> [The records]:
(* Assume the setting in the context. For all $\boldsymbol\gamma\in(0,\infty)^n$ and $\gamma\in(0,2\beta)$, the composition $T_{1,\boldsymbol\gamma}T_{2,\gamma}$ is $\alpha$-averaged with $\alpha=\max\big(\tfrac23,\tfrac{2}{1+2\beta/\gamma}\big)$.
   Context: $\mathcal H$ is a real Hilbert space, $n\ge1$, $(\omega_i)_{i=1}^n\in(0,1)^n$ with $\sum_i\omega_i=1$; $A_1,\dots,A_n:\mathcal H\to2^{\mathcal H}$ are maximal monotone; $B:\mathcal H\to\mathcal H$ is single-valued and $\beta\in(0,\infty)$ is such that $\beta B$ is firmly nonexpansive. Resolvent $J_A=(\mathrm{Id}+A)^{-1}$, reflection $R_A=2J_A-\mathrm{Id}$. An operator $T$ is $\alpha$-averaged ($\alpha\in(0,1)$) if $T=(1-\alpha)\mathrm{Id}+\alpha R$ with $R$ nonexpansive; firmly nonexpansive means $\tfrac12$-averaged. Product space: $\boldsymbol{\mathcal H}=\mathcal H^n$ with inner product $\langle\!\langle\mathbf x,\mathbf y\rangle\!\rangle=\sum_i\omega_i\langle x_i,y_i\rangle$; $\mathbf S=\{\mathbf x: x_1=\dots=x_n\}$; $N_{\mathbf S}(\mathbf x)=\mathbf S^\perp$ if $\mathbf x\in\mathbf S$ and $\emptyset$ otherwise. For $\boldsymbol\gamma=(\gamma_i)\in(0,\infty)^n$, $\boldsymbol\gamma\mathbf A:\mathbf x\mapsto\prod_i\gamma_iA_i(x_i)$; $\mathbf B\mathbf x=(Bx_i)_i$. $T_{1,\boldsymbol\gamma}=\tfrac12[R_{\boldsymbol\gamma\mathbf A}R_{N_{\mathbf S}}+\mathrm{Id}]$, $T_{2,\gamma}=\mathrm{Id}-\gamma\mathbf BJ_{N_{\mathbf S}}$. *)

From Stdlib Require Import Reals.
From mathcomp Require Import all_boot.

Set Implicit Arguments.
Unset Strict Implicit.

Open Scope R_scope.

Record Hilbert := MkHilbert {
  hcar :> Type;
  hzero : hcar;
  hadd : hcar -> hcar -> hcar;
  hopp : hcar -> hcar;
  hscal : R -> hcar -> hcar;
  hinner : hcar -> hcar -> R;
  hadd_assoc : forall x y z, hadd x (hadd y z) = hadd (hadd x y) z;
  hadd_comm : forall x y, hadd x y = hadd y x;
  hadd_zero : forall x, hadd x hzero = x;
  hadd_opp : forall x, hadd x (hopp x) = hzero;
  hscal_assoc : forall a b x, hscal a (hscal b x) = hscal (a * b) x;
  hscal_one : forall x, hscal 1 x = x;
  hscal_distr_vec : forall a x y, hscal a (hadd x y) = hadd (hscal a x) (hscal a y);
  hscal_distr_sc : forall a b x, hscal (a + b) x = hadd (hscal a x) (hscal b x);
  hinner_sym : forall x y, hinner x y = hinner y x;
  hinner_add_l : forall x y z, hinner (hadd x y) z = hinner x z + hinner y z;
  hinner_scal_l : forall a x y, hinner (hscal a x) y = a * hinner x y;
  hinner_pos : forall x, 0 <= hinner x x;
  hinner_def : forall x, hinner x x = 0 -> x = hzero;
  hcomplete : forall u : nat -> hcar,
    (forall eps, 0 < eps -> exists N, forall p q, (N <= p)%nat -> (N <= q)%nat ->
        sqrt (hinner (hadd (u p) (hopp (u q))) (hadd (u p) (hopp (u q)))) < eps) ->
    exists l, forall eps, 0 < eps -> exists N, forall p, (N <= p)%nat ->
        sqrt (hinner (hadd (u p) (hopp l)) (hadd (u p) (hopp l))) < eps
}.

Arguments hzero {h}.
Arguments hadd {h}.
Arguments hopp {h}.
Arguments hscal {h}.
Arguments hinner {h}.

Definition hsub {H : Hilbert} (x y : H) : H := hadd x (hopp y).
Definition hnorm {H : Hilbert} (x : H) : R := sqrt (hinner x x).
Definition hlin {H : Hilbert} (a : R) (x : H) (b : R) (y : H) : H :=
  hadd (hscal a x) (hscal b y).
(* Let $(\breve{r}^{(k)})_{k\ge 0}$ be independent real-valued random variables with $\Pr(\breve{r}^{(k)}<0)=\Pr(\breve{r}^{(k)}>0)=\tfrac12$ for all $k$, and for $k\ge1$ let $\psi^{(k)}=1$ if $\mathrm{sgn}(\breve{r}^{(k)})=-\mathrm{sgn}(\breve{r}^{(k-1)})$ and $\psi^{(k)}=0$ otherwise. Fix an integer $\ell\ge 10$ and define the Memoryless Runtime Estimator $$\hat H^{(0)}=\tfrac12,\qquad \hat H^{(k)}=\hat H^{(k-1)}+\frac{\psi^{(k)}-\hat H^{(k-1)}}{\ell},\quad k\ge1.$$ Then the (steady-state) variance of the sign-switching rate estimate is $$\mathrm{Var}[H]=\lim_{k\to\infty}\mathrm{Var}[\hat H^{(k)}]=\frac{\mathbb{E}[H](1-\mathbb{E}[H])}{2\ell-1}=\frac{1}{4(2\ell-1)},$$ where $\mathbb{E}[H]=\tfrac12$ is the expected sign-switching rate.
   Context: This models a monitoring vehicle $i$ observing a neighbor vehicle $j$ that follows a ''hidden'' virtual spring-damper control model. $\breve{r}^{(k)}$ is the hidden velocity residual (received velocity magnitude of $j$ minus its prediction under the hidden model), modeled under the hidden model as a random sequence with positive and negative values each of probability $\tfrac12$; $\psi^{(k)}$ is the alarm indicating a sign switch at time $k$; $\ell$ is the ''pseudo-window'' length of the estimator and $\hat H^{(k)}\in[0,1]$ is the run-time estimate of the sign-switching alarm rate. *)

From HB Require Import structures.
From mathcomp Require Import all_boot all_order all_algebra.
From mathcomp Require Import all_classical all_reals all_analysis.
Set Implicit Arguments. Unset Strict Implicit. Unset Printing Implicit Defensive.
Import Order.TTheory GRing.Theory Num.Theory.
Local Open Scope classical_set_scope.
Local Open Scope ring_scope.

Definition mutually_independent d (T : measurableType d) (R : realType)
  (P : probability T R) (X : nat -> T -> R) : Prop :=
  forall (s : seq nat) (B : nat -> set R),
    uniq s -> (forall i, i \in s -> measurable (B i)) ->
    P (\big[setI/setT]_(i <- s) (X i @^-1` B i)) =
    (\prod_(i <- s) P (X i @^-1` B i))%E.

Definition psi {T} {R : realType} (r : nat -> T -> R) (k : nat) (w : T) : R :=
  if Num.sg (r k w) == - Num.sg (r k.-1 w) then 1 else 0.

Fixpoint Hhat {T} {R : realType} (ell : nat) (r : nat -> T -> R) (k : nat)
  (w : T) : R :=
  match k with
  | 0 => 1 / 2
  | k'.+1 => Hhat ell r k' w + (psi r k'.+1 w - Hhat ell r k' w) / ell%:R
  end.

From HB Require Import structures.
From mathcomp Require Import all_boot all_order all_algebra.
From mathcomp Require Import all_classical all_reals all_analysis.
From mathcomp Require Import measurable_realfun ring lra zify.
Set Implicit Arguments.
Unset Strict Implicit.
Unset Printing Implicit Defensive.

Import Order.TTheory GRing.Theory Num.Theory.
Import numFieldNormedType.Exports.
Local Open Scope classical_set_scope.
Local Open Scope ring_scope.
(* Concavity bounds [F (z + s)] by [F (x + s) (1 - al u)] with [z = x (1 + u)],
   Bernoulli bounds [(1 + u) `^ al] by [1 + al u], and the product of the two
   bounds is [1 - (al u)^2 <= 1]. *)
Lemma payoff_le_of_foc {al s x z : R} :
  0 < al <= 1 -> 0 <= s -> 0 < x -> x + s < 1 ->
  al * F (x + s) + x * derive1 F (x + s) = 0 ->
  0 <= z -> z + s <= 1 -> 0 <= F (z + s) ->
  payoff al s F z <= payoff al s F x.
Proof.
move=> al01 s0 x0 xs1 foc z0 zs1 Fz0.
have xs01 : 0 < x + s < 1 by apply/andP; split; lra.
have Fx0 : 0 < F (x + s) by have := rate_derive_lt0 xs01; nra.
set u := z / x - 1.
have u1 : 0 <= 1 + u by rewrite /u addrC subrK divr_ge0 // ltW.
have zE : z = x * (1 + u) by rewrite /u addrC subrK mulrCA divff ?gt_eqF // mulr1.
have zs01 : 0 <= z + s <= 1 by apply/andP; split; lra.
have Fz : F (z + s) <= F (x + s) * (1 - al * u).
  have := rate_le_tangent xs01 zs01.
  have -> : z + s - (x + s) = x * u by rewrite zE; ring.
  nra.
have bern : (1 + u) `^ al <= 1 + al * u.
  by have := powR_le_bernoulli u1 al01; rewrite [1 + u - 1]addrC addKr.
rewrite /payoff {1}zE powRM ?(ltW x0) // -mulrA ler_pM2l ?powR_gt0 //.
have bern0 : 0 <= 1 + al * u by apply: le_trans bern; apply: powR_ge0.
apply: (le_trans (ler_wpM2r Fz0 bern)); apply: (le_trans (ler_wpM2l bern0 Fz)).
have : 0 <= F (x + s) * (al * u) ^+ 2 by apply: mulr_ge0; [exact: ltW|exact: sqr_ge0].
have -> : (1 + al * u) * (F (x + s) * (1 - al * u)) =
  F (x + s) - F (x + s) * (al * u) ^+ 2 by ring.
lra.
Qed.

> [Activity]: Once you find the line containing "set u := z / x - 1.", copy it and every line after it through the end of the records, exactly as they stand.

> [Result for this exercise]:
set u := z / x - 1.
have u1 : 0 <= 1 + u by rewrite /u addrC subrK divr_ge0 // ltW.
have zE : z = x * (1 + u) by rewrite /u addrC subrK mulrCA divff ?gt_eqF // mulr1.
have zs01 : 0 <= z + s <= 1 by apply/andP; split; lra.
have Fz : F (z + s) <= F (x + s) * (1 - al * u).
  have := rate_le_tangent xs01 zs01.
  have -> : z + s - (x + s) = x * u by rewrite zE; ring.
  nra.
have bern : (1 + u) `^ al <= 1 + al * u.
  by have := powR_le_bernoulli u1 al01; rewrite [1 + u - 1]addrC addKr.
rewrite /payoff {1}zE powRM ?(ltW x0) // -mulrA ler_pM2l ?powR_gt0 //.
have bern0 : 0 <= 1 + al * u by apply: le_trans bern; apply: powR_ge0.
apply: (le_trans (ler_wpM2r Fz0 bern)); apply: (le_trans (ler_wpM2l bern0 Fz)).
have : 0 <= F (x + s) * (al * u) ^+ 2 by apply: mulr_ge0; [exact: ltW|exact: sqr_ge0].
have -> : (1 + al * u) * (F (x + s) * (1 - al * u)) =
  F (x + s) - F (x + s) * (al * u) ^+ 2 by ring.
lra.
Qed.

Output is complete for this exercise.